[Given information]

(* Let $f:\mathbb{R}^n\times\mathbb{R}_{\ge 0}\to\mathbb{R}^n$ be smooth and let $\gamma_1,\dots,\gamma_s$ be linear operators such that $f$ is $\gamma_i$-equivariant for each $i$; set $\mathcal{M}_i=\{x:\gamma_i x=x\}$ and $\mathcal{M}_\cap=\bigcap_{i=1}^s\mathcal{M}_i$, and assume $\mathcal{M}_\cap\neq\{0\}$. If either (i) $\dot x=f(x,t)$ is contracting towards each subspace $\mathcal{M}_i$, $i=1,\dots,s$, or (ii) $\dot x=f(x,t)$ is contracting, then every solution of $\dot x=f(x,t)$ converges to $\mathcal{M}_\cap$ as $t\to+\infty$, i.e. all solutions asymptotically exhibit the symmetry defined by $\mathcal{M}_\cap$.
   Context: $f$ is $\gamma$-equivariant if $f(\gamma x,t)=\gamma f(x,t)$ for all $x,t$; then $\mathcal{M}_\gamma=\{x:\gamma x=x\}$ is flow-invariant. Given a vector norm with induced matrix norm $\|\cdot\|$, the matrix measure is $\mu(A)=\lim_{h\searrow0}\frac1h(\|I+hA\|-1)$. The system $\dot x=f(x,t)$ is contracting if there exist a matrix measure $\mu$ (possibly induced by a weighted norm $|\Theta x|_i$, $i\in\{1,2,\infty\}$, $\Theta$ constant invertible) and $\lambda>0$ with $\mu(\partial f/\partial x(x,t))\le-\lambda$ for all $x$ and $t\ge0$; then any two trajectories converge exponentially to each other. The system is contracting towards a flow-invariant linear subspace $\mathcal{M}$ if all its trajectories converge exponentially towards $\mathcal{M}$. *)

From Stdlib Require Import Reals.
From mathcomp Require Import all_boot.
Set Implicit Arguments.
Unset Strict Implicit.
Unset Printing Implicit Defensive.
Open Scope R_scope.

Definition vec (n : nat) := 'I_n -> R.
Definition mat (n : nat) := 'I_n -> 'I_n -> R.

Definition upd (I : eqType) (p : I -> R) (i : I) (h : R) : I -> R :=
  fun j => if j == i then h else p j.

Definition cont_fun (I : Type) (g : (I -> R) -> R) : Prop :=
  forall (p : I -> R) eps, 0 < eps -> exists delta, 0 < delta /\
    forall q : I -> R, (forall i, Rabs (q i - p i) < delta) -> Rabs (g q - g p) < eps.

Fixpoint Ck (I : eqType) (k : nat) (g : (I -> R) -> R) : Prop :=
  match k with
  | O => cont_fun g
  | S k' => cont_fun g /\ exists dg : I -> (I -> R) -> R,
      (forall i p, derivable_pt_lim (fun h => g (upd p i h)) (p i) (dg i p)) /\
      forall i, Ck k' (dg i)
  end.
(* Let $p$ be a prime and $A$ a commutative nilpotent $\mathbb{F}_p$-algebra of dimension $n$ with $A^p=0$; let $e$ be the integer with $A^e\ne0$, $A^{e+1}=0$. Let $i(A)$ be the number of ideals of $A$ and $s(A)$ the number of $\mathbb{F}_p$-subspaces of $A$. (1) If $e=2$, $p\ge3$ and $n\ge3$, then $i(A)\le \frac{2}{p}s(A)$. (2) If $e=3$, $p\ge3$ and $n\ge4$, then $i(A)\le\frac{2}{p^2}s(A)$.
   Context: Algebras are commutative, associative, not necessarily unital. *)

From HB Require Import structures.
From mathcomp Require Import all_boot all_order all_algebra.
Set Implicit Arguments. Unset Strict Implicit. Unset Printing Implicit Defensive.
Import Order.TTheory GRing.Theory Num.Theory.
Local Open Scope ring_scope.

(* An n-dimensional F_p-vector space is modelled as V := 'rV['F_p]_n. *)
Definition is_comm_alg (p n : nat)
  (mul : 'rV['F_p]_n -> 'rV['F_p]_n -> 'rV['F_p]_n) : Prop :=
  [/\ (forall (a : 'F_p) (x y z : 'rV['F_p]_n),
          mul (a *: x + y) z = a *: mul x z + mul y z),
      (forall x y, mul x y = mul y x) &
      (forall x y z, mul x (mul y z) = mul (mul x y) z)].

Definition alg_pow (p n : nat)
  (mul : 'rV['F_p]_n -> 'rV['F_p]_n -> 'rV['F_p]_n) (k : nat)
  : {vspace 'rV['F_p]_n} :=
  (<< [seq foldl mul x (tval s) | x <- enum 'rV['F_p]_n,
                                   s <- enum [set: (k.-1).-tuple 'rV['F_p]_n]] >>)%VS.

[/Given information]

Directions for this task:
Give the data again, exactly.

Solution for this problem:
(* Let $f:\mathbb{R}^n\times\mathbb{R}_{\ge 0}\to\mathbb{R}^n$ be smooth and let $\gamma_1,\dots,\gamma_s$ be linear operators such that $f$ is $\gamma_i$-equivariant for each $i$; set $\mathcal{M}_i=\{x:\gamma_i x=x\}$ and $\mathcal{M}_\cap=\bigcap_{i=1}^s\mathcal{M}_i$, and assume $\mathcal{M}_\cap\neq\{0\}$. If either (i) $\dot x=f(x,t)$ is contracting towards each subspace $\mathcal{M}_i$, $i=1,\dots,s$, or (ii) $\dot x=f(x,t)$ is contracting, then every solution of $\dot x=f(x,t)$ converges to $\mathcal{M}_\cap$ as $t\to+\infty$, i.e. all solutions asymptotically exhibit the symmetry defined by $\mathcal{M}_\cap$.
   Context: $f$ is $\gamma$-equivariant if $f(\gamma x,t)=\gamma f(x,t)$ for all $x,t$; then $\mathcal{M}_\gamma=\{x:\gamma x=x\}$ is flow-invariant. Given a vector norm with induced matrix norm $\|\cdot\|$, the matrix measure is $\mu(A)=\lim_{h\searrow0}\frac1h(\|I+hA\|-1)$. The system $\dot x=f(x,t)$ is contracting if there exist a matrix measure $\mu$ (possibly induced by a weighted norm $|\Theta x|_i$, $i\in\{1,2,\infty\}$, $\Theta$ constant invertible) and $\lambda>0$ with $\mu(\partial f/\partial x(x,t))\le-\lambda$ for all $x$ and $t\ge0$; then any two trajectories converge exponentially to each other. The system is contracting towards a flow-invariant linear subspace $\mathcal{M}$ if all its trajectories converge exponentially towards $\mathcal{M}$. *)

From Stdlib Require Import Reals.
From mathcomp Require Import all_boot.
Set Implicit Arguments.
Unset Strict Implicit.
Unset Printing Implicit Defensive.
Open Scope R_scope.

Definition vec (n : nat) := 'I_n -> R.
Definition mat (n : nat) := 'I_n -> 'I_n -> R.

Definition upd (I : eqType) (p : I -> R) (i : I) (h : R) : I -> R :=
  fun j => if j == i then h else p j.

Definition cont_fun (I : Type) (g : (I -> R) -> R) : Prop :=
  forall (p : I -> R) eps, 0 < eps -> exists delta, 0 < delta /\
    forall q : I -> R, (forall i, Rabs (q i - p i) < delta) -> Rabs (g q - g p) < eps.

Fixpoint Ck (I : eqType) (k : nat) (g : (I -> R) -> R) : Prop :=
  match k with
  | O => cont_fun g
  | S k' => cont_fun g /\ exists dg : I -> (I -> R) -> R,
      (forall i p, derivable_pt_lim (fun h => g (upd p i h)) (p i) (dg i p)) /\
      forall i, Ck k' (dg i)
  end.
(* Let $p$ be a prime and $A$ a commutative nilpotent $\mathbb{F}_p$-algebra of dimension $n$ with $A^p=0$; let $e$ be the integer with $A^e\ne0$, $A^{e+1}=0$. Let $i(A)$ be the number of ideals of $A$ and $s(A)$ the number of $\mathbb{F}_p$-subspaces of $A$. (1) If $e=2$, $p\ge3$ and $n\ge3$, then $i(A)\le \frac{2}{p}s(A)$. (2) If $e=3$, $p\ge3$ and $n\ge4$, then $i(A)\le\frac{2}{p^2}s(A)$.
   Context: Algebras are commutative, associative, not necessarily unital. *)

From HB Require Import structures.
From mathcomp Require Import all_boot all_order all_algebra.
Set Implicit Arguments. Unset Strict Implicit. Unset Printing Implicit Defensive.
Import Order.TTheory GRing.Theory Num.Theory.
Local Open Scope ring_scope.

(* An n-dimensional F_p-vector space is modelled as V := 'rV['F_p]_n. *)
Definition is_comm_alg (p n : nat)
  (mul : 'rV['F_p]_n -> 'rV['F_p]_n -> 'rV['F_p]_n) : Prop :=
  [/\ (forall (a : 'F_p) (x y z : 'rV['F_p]_n),
          mul (a *: x + y) z = a *: mul x z + mul y z),
      (forall x y, mul x y = mul y x) &
      (forall x y z, mul x (mul y z) = mul (mul x y) z)].

Definition alg_pow (p n : nat)
  (mul : 'rV['F_p]_n -> 'rV['F_p]_n -> 'rV['F_p]_n) (k : nat)
  : {vspace 'rV['F_p]_n} :=
  (<< [seq foldl mul x (tval s) | x <- enum 'rV['F_p]_n,
                                   s <- enum [set: (k.-1).-tuple 'rV['F_p]_n]] >>)%VS.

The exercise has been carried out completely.